You'd just saved up the money for the thing- the really big thing- and then it happened. It happened and it is taking all the money away. And you are a responsible adult who should be happy to have this money saved so it can fly through your fingers, but you're not. It's not fun to have money fly away. You are not a rapper, and throwing money at car mechanics or medical agencies is not fun. It feels like throwing all the time you spent working away.

This is, what? the fourth time this has happened. The fourth time you got close to The Big Thing. You were kind of wondering if maybe you should spend the money on something other than The Big Thing, something more adult, when something more adult came smashing through the window.

Last time you were angry. Last time you felt like maybe God had it in for you. Now you just feel a little hollow.

It's okay to cry. You worked really hard. You were just working on something different than you thought. You thought it was The Big Thing, and instead it was this needed thing. You feel a little cheated, huh? Maybe if you stopped making plans and hoping and wanting, this couldn't happen anymore. You could just work and pay the disaster, work and pay the disaster. But when you stop dreaming it gets really heavy to work hard.

Maybe you could dream smaller. Maybe you don't need The Big Thing.

Crap, did your heart just break? It just broke a little. Crap, come here. Just...hug and rock for a second. No, it's not permanent; your heart's broken lots of times. It'll heal up, just...eat right, okay? Eat right and rest a second. Breathe.

What's hurting you isn't having to wait again for The Big Thing. You've had that disappointment so many times it's almost a phantom ache, like hope is an amputated limb you don't remember reaching with. What hurts is the feeling that you're not getting anywhere. What hurts is the idea that all the hours and days and weeks you've poured in were...

Whoa, don't break on me. When you veer off course, I- you're right.

What hurts isn't the idea that those hours were wasted. It's not even the idea that you haven't made any progress. You know that's not true. You know you made a difference in people's lives. You know you're learning and getting stronger. You can look down at your body, your soul, and see the difference. You are becoming more the person you want to be, and I'm grateful for you.

What hurts is the idea that somehow wanting was wrong, hoping was wrong, and the punishment for wanting something is having all the money ripped out of your grasp. Have you been evil squirreling money away? Have you been foolish to avoid spending money on sodas, to pick up pennies on the sidewalks and cry out "For the house!" Was God displeased that you wanted something? That you hoped?

Did you somehow get away from God's plan by trying hard?

I don't have the answers. I'm you, and my heart's breaking.

Scratch that; I do have answers.

Trying hard isn't wrong. Killing yourself trying hard is. God said not to chase after wealth, because it just flies away. It feels like that, doesn't it? But wanting to accomplish things isn't bad. Your wanting seemed so small and so right. Good tools to do good. A hidey-hole to make a home. You shouldn't have spent $8 on that shirt. It's that kind of wastefulness that gets us into these situations. ...Joy, we couldn't buy a transmission with $8. You only spent $8. You haven't bought clothes in like a year. You spent $8. You won't do it again. Crap, don't cry, that was supposed to be empowering. You won't do it again, and you'll have $8 instead of a shirt.

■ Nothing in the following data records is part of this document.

(* The subgraph induced on V(B) has no cut-vertex either, so maximality forces
   it to be B itself. *)
Lemma block_induced G B e : block B G -> e \in eset G ->
  e.1 \in vset B -> e.2 \in vset B -> e \in eset B.
Proof.
case=> BG bB maxB Ge Be1 Be2; have [wfB BGv BGe] := and3P BG.
pose K := induced G (vset B).
have BKe : eset B \subset eset K.
  apply/subsetP => f Bf; rewrite inE (subsetP BGe) //=.
  exact: is_digraphP _ wfB f Bf.
have bK : block_prop K.
  apply: block_propI; first exact: is_digraph_induced.
    exact: connected_supergraph bB.1 _ BKe.
  move=> w _; apply: connected_supergraph (connected_del_block (w := w) wfB bB) _ _ => //.
  have BK : subg B K by rewrite /subg subxx.
  by case/andP: (subg_del2 w BK).
have <- : K = B.
  by apply: maxB bK _; [exact: induced_subdigraph | apply: subdigraph_induced].
by rewrite inE Ge Be1 Be2.
Qed.

(* With a path [s] from [a] to [b] in [G - v], the digraph [K] induced on
   B1, B2 and [s] has no cut-vertex: [K - v] is connected through [a], and
   [K - w] for [w != v] is connected through [v]. *)
Section TwoBlocks.
Variables (G B1 B2 : dgraph V) (v a b : V) (s : seq V).
Hypotheses (blockB1 : block B1 G) (blockB2 : block B2 G).
Hypotheses (B1v : v \in vset B1) (B2v : v \in vset B2).
Hypotheses (B1a : a \in vset B1) (av : a != v) (B2b : b \in vset B2) (bv : b != v).
Hypotheses (uniq_s : uniq (a :: s)) (path_s : path (radj (del_vertex G v)) a s).
Hypothesis last_s : last a s = b.

Let W := vset B1 :|: vset B2 :|: [set z in a :: s].
Let K := induced G W.

Let s_del : all (mem (vset (del_vertex G v))) (a :: s).
Proof.
by rewrite /= (path_radj_vset path_s) !inE av (subsetP (block_vset_sub blockB1)).
Qed.

Let v_notin_s : v \notin a :: s.
Proof. by apply/negP => /(allP s_del); rewrite !inE eqxx. Qed.

Let block_sub_K B : block B G -> vset B \subset W -> subdigraph B K.
Proof. by case=> BG _ _ BW; apply: subdigraph_induced. Qed.

Let B1K : subdigraph B1 K.
Proof. by apply: block_sub_K => //; apply/subsetP => z Bz; rewrite !inE Bz. Qed.

Let B2K : subdigraph B2 K.
Proof. by apply: block_sub_K => //; apply/subsetP => z Bz; rewrite !inE Bz orbT. Qed.
(* For all $\eta,\varepsilon>0$ and $c,p\in\mathbb N$ there exist $\eta'>0$ and $n_0$ such that the following holds for all $n\ge n_0$. Let $H$ be a $3$-graph of order $n$ and let $X,Y\subseteq V(H)$ be disjoint sets that are both $(c,\eta)$-closed in $H$. Suppose there are at least $\varepsilon n^{4p+1}$ $(X,Y)$-bridges of length $p$. Then $X\cup Y$ is $(2c+p,\eta')$-closed in $H$.
   Context: $K_4^-$ is the $3$-graph with $4$ vertices and $3$ edges; a $K_4^-$-factor is a set of vertex-disjoint (not necessarily induced) copies of $K_4^-$ covering all vertices. Let $H$ be a $3$-graph of order $n$. For $c\in\mathbb N$ and vertices $x,y$, a set $S\subseteq V(H)$ is an $(x,y)$-connector of length $c$ if $S\cap\{x,y\}=\emptyset$, $|S|=4c-1$, and both $H[S\cup\{x\}]$ and $H[S\cup\{y\}]$ contain $K_4^-$-factors. Vertices $x,y$ are $(c,\eta)$-close if there are at least $\eta n^{4c-1}$ $(x,y)$-connectors of length $c$ in $H$. A set $U\subseteq V(H)$ is $(c,\eta)$-closed in $H$ if every two vertices of $U$ are $(c,\eta)$-close (connectors may use vertices outside $U$). For $X,Y\subseteq V(H)$, a triple $(x,y,S)$ is an $(X,Y)$-bridge of length $c$ if $x\in X$, $y\in Y$ and $S$ is an $(x,y)$-connector of length $c$. *)

From mathcomp Require Import all_boot all_order all_algebra.
Set Implicit Arguments. Unset Strict Implicit. Unset Printing Implicit Defensive.
Import Order.TTheory GRing.Theory Num.Theory.

Definition is_3graph (n : nat) (E : {set {set 'I_n}}) : bool :=
  [forall e in E, #|e| == 3].

(* Q spans a (not necessarily induced) copy of K_4^- : |Q| = 4 and at least
   3 edges of H lie inside Q (a 4-set has exactly 4 triples; K_4^- has 3). *)
Definition K4m_on (n : nat) (E : {set {set 'I_n}}) (Q : {set 'I_n}) : bool :=
  (#|Q| == 4) && (3 <= #|[set e in E | e \subset Q]|).

Definition has_K4m_factor (n : nat) (E : {set {set 'I_n}}) (W : {set 'I_n}) : bool :=
  [exists P : {set {set 'I_n}}, partition P W && [forall Q in P, K4m_on E Q]].

Definition connector (n : nat) (E : {set {set 'I_n}}) (c : nat)
    (x y : 'I_n) (S : {set 'I_n}) : bool :=
  [&& x \notin S, y \notin S, #|S| == (4 * c - 1)%N,
      has_K4m_factor E (x |: S) & has_K4m_factor E (y |: S)].

Definition close (n : nat) (E : {set {set 'I_n}}) (c : nat) (eta : rat)
    (x y : 'I_n) : Prop :=
  (eta * (n%:R ^+ (4 * c - 1)) <= (#|[set S | connector E c x y S]|)%:R)%R.

Definition closed_set (n : nat) (E : {set {set 'I_n}}) (c : nat) (eta : rat)
    (U : {set 'I_n}) : Prop :=
  forall x y, x \in U -> y \in U -> close E c eta x y.

Definition num_bridges (n : nat) (E : {set {set 'I_n}}) (c : nat)
    (X Y : {set 'I_n}) : nat :=
  #|[set t : 'I_n * 'I_n * {set 'I_n} |
      [&& t.1.1 \in X, t.1.2 \in Y & connector E c t.1.1 t.1.2 t.2]]|.

From mathcomp Require Import all_boot all_order all_algebra.
From mathcomp Require Import zify ring lra.
Import Order.TTheory GRing.Theory Num.Theory.

Set Implicit Arguments. Unset Strict Implicit. Unset Printing Implicit Defensive.

(* Let u, v be in X :|: Y.  Take a bridge (x', y', S) with x' in X, y' in Y, a
   connector S1 attaching u or v to the X end and a connector S2 attaching u or
   v to the Y end (a (u, x'), (u, v) or (x', x') connector, and symmetrically),
   all pairwise disjoint and avoiding u, v.  Then
   T = S1 :|: (x' |: S) :|: (y' |: S2) is a (u, v)-connector of length 2c + p,
   because u |: T and v |: T both split into three blocks with K_4^- factors.
   Closedness of X and Y and the eps n^(4p+1) bridges give
   eps (eta/2)^2 n^(4(2c+p)-1) / 2 such tuples, since the tuples that collide
   form an O(1/n) fraction, and each T arises from at most |T|^2 8^|T| tuples. *)


Lemma card_bigcup_le (I T : finType) (P : {pred I}) (U : I -> {set T}) :
  #|\bigcup_(i | P i) U i| <= \sum_(i | P i) #|U i|.
Proof.
elim/big_rec2: _ => [|i A k _ le_Ak]; first by rewrite cards0.
by apply: leq_trans (leq_card_setU _ _).1 _; rewrite leq_add2l.
Qed.

Lemma card_dep_pairs (T1 T2 : finType) (A : {set T1}) (B : T1 -> {set T2}) :
  #|[set w : T1 * T2 | (w.1 \in A) && (w.2 \in B w.1)]| = \sum_(i in A) #|B i|.
Proof.
under [RHS]eq_bigr do rewrite -sum1_card.
by rewrite pair_big_dep /= sum1dep_card.
Qed.

Lemma card_le_mul_fibers (T1 T2 : finType) (G : {set T1}) (f : T1 -> T2)
    (C : {set T2}) (K : nat) :
  {in G, forall w, f w \in C} ->
  (forall y, y \in C -> #|[set w in G | f w == y]| <= K) ->
  #|G| <= K * #|C|.
Proof.
move=> fGC fiber_le; rewrite -sum1_card (partition_big_imset f) /=.
apply: (@leq_trans (\sum_(y in f @: G) K)).
  by apply: leq_sum => y /imsetP [w wG ->]; rewrite sum1dep_card fiber_le ?fGC.
rewrite sum_nat_const mulnC leq_mul2l subset_leq_card ?orbT //.
by apply/subsetP => y /imsetP [w wG ->]; apply: fGC.
Qed.

Section SetCounting.
Variable T : finType.
Implicit Types (A B C F : {set T}) (x y : T).

Lemma disjointsUl A B C : [disjoint A :|: B & C] = [disjoint A & C] && [disjoint B & C].
Proof. by rewrite -!setI_eq0 setIUl setU_eq0. Qed.

Lemma disjointsUr A B C : [disjoint A & B :|: C] = [disjoint A & B] && [disjoint A & C].
Proof. by rewrite -!setI_eq0 setIUr setU_eq0. Qed.

Lemma disjointsU1 x y A B :
  [disjoint x |: A & y |: B] = [&& x != y, x \notin B, y \notin A & [disjoint A & B]].
Proof.
rewrite disjointsUl !disjointsUr disjoints1 (disjoint_sym A) disjoints1.
by rewrite !inE -andbA disjoints1.
Qed.

Lemma cardsU_disjoint A B : [disjoint A & B] -> #|A :|: B| = #|A| + #|B|.
Proof. by move=> dAB; rewrite cardsU (disjoint_setI0 dAB) cards0 subn0. Qed.

Lemma cardsU1_le x A : #|x |: A| <= #|A|.+1.
Proof. by rewrite cardsU1; case: (x \notin A). Qed.

Lemma ffact_le_exp m k : m ^_ k <= m ^ k.
Proof.
elim: k => // k IHk; rewrite ffactnSr expnS mulnC.
by apply: leq_mul => //; rewrite leq_subr.
Qed.

Lemma card_ksubsets_le k : #|[set S : {set T} | #|S| == k]| <= #|T| ^ k.
Proof.
rewrite card_draws; apply: leq_trans (ffact_le_exp _ _).
by rewrite -bin_ffact leq_pmulr ?fact_gt0.
Qed.

Lemma card_ksubsets_mem_le x k :
  #|[set S : {set T} | (#|S| == k) && (x \in S)]| <= #|T| ^ k.-1.
Proof.
apply: leq_trans (card_ksubsets_le k.-1).
rewrite -(card_in_imset (f := fun S => S :\ x)).
  apply/subset_leq_card/subsetP => R /imsetP [S]; rewrite !inE => /andP [/eqP <- xS] ->.
  by rewrite [in X in _ == X](cardsD1 x) xS.
move=> S1 S2; rewrite !inE => /andP [_ xS1] /andP [_ xS2] eqS.
by rewrite -(setD1K xS1) -(setD1K xS2) eqS.
Qed.

Lemma card_ksubsets_meeting_le F k :
  #|[set S : {set T} | (#|S| == k) && ~~ [disjoint S & F]]| <= #|F| * #|T| ^ k.-1.
Proof.
have -> : [set S : {set T} | (#|S| == k) && ~~ [disjoint S & F]] =
    \bigcup_(x in F) [set S : {set T} | (#|S| == k) && (x \in S)].
  apply/setP => S; rewrite inE; apply/andP/bigcupP.
    by move=> [kS /pred0Pn [x /andP [xS xF]]]; exists x; rewrite // inE kS.
  by move=> [x xF]; rewrite inE => /andP [kS xS]; split; last by apply/pred0Pn; exists x; apply/andP.
apply: leq_trans (card_bigcup_le _ _) _.
by rewrite -sum_nat_const; apply: leq_sum => x _; apply: card_ksubsets_mem_le.
Qed.

End SetCounting.

Definition bridge_support (T : finType) (t : T * T * {set T}) : {set T} :=
  t.1.1 |: (t.1.2 |: t.2).

Definition chain (T : finType) (t : T * T * {set T}) (S1 S2 : {set T}) : {set T} :=
  S1 :|: ((t.1.1 |: t.2) :|: (t.1.2 |: S2)).

Definition chain_multiplicity (m : nat) : nat := m ^ 2 * 8 ^ m.

Lemma leq_chain_multiplicity m1 m2 :
  m1 <= m2 -> chain_multiplicity m1 <= chain_multiplicity m2.
Proof. by move=> le_m; rewrite leq_mul ?leq_sqr ?leq_pexp2l. Qed.

Lemma card_triples_meeting_le (T : finType) (F : {set T}) b : 0 < b ->
  #|[set t : T * T * {set T} | (#|t.2| == b) && ~~ [disjoint F & bridge_support t]]|
    <= 3 * #|F| * #|T| ^ b.+1.
Proof.
move=> b_gt0; set Sb := [set S : {set T} | #|S| == b].
set Mb := [set S : {set T} | (#|S| == b) && ~~ [disjoint S & F]].
apply: (@leq_trans #|setX (setX F setT) Sb :|: setX (setX setT F) Sb
                     :|: setX (setX setT setT) Mb|).
  apply/subset_leq_card/subsetP => -[[x y] S].
  rewrite inE /bridge_support /= => /andP [bS].
  rewrite disjoint_sym !disjointsUl !disjoints1 !negb_and !negbK.
  by rewrite !inE /= bS (disjoint_sym S) !andbT orbA.
apply: leq_trans (leq_card_setU _ _).1 _.
apply: leq_trans (leq_add (leq_card_setU _ _).1 (leqnn _)) _.
rewrite !cardsX !cardsT.
have le_Sb := card_ksubsets_le T b; have le_Mb := card_ksubsets_meeting_le F b.
have expSb : #|T| ^ b = #|T| * #|T| ^ b.-1 by rewrite -expnS prednK.
rewrite -/Sb -/Mb expSb in le_Sb *; rewrite expnS expSb.
have le1 : #|F| * #|T| * #|Sb| <= #|F| * #|T| * (#|T| * #|T| ^ b.-1) by rewrite leq_mul.
have le2 : #|T| * #|T| * #|Mb| <= #|T| * #|T| * (#|F| * #|T| ^ b.-1) by rewrite leq_mul.
nia.
Qed.

Lemma card_chain_fiber_le (T : finType) (C : {set T}) :
  #|[set w : T * T * {set T} * {set T} * {set T} | chain w.1.1 w.1.2 w.2 == C]|
    <= chain_multiplicity #|C|.
Proof.
apply: (@leq_trans #|setX (setX (setX (setX C C) (powerset C)) (powerset C)) (powerset C)|).
  apply/subset_leq_card/subsetP => -[[[[x y] S] S1] S2]; rewrite inE /chain /= => /eqP <-.
  rewrite !in_setX /= !powersetE !inE !eqxx !orbT /= -!andbA.
  by apply/and3P; split; apply/subsetP => v; rewrite !inE => ->; rewrite ?orbT.
rewrite !cardsX !card_powerset /chain_multiplicity.
by rewrite (_ : 8 = 2 * 2 * 2) // !expnMn -mulnn !mulnA.
Qed.

Local Open Scope ring_scope.

Lemma card_dep_pairs_ge (R : numDomainType) (T1 T2 : finType) (A : {set T1})
    (B : T1 -> {set T2}) (L : R) :
  (forall i, i \in A -> L <= #|B i|%:R) ->
  #|A|%:R * L <= #|[set w : T1 * T2 | (w.1 \in A) && (w.2 \in B w.1)]|%:R.
Proof.
move=> L_le; rewrite card_dep_pairs natr_sum mulr_natl -sumr_const.
exact: ler_sum.
Qed.
Lemma sms_relabel_wire r w : w \in P ->
  sms_wire_val inp (sms_relabel r) w = sms_wire_val inp' r w.
Proof.
move=> wP; have aP : sms_row w \in sms_row @: P by apply: imset_f.
case: w wP aP => [[[j v]|[j i]]|[j i]] wP aP /=.
- rewrite ffunE (isw_relabel_wire (sms_f_notin_Z j) (sms_f_notin_O j)
                  (@sms_agree_xZ j) (@sms_agree_cZ j)) //.
  + exact: sms_agree_x.
  + by apply: sms_agree_c; apply: (imset_f sms_bshare wP).
  + by move=> zv; apply/sms_ZP; exists (inl (inl (j, v))); rewrite //= eqxx.
  + apply: contraNneq (f_hidden j) => ->.
    by rewrite inE (imset_f (sms_avoid j) wP).
- by apply: sms_agree_y; rewrite inE aP.
- by apply: sms_relabel_z; rewrite !inE ?aP ?wP ?orbT.
Qed.

Lemma sms_relabel_out r i : i \in Q ->
  sms_out inp (sms_relabel r) i = sms_out inp' r i.
Proof. by move=> iQ; apply/rowP => j; rewrite !mxE sms_relabel_z // !inE iQ ?orbT. Qed.

Lemma observe_sms_relabel r :
  observe (sms_wire_val inp) (sms_out inp) P Q (sms_relabel r)
  = observe (sms_wire_val inp') (sms_out inp') P Q r.
Proof.
congr pair; apply/ffunP => w; rewrite !ffunE; case: ifP => // wP.
  by rewrite sms_relabel_wire.
by rewrite sms_relabel_out.
Qed.

End SecMultSubProbing.

Definition sms_dflt (F : finFieldType) (l : nat) (k : option bool) : sms_V F l k :=
  match k return sms_V F l k with Some _ => (0 : 'rV[F]_l) | None => (0 : F) end.

Theorem lemma3 (F : finFieldType) (t l : nat) (ht : (1 <= t)%N) :
  @NI_secure t _ (sms_V F l) t.+1 (sms_rnd F l t.+1) (sms_wire l t.+1) F
    ('rV[F]_l) (@sms_wire_val F l t.+1) (@sms_out F l t.+1).
Proof.
apply: (NI_secure_by_relabelling (sms_dflt F l)) => P Q PQt.
exists (sms_idx P Q) => [k | inp inp' agree]; first exact: card_sms_idx.
have /fin_all_exists[f f_hidden] :
    forall j, exists i : 'I_t.+1, i \notin sms_forbidden P Q j.
  move=> j; apply: exists_notin.
  by rewrite card_ord ltnS (leq_trans (card_sms_forbidden _ _ _)).
exists (sms_relabel P Q inp inp' f); first exact: sms_relabel_inj.
exact: observe_sms_relabel agree f_hidden.
Qed.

Wait, wait, finish that verse. God said not to exhaust yourself trying to get money, because while they slept He provided for those He loves.

You're someone He loves.

Right now it feels like everything is flying apart, but Joy? Your job isn't the money. Your job is serving the King who does supply your needs, even for Big Things, at just the right time.

I still believe in you. Even when you need the same blog post you wrote 7 months ago 7 months later. So perk up, cry when you need to, but start thanking the God who has this under control.

And when it happens again 7 months from now, because dreams are big and life is hard, you can read this blog again. I won't hold it against you.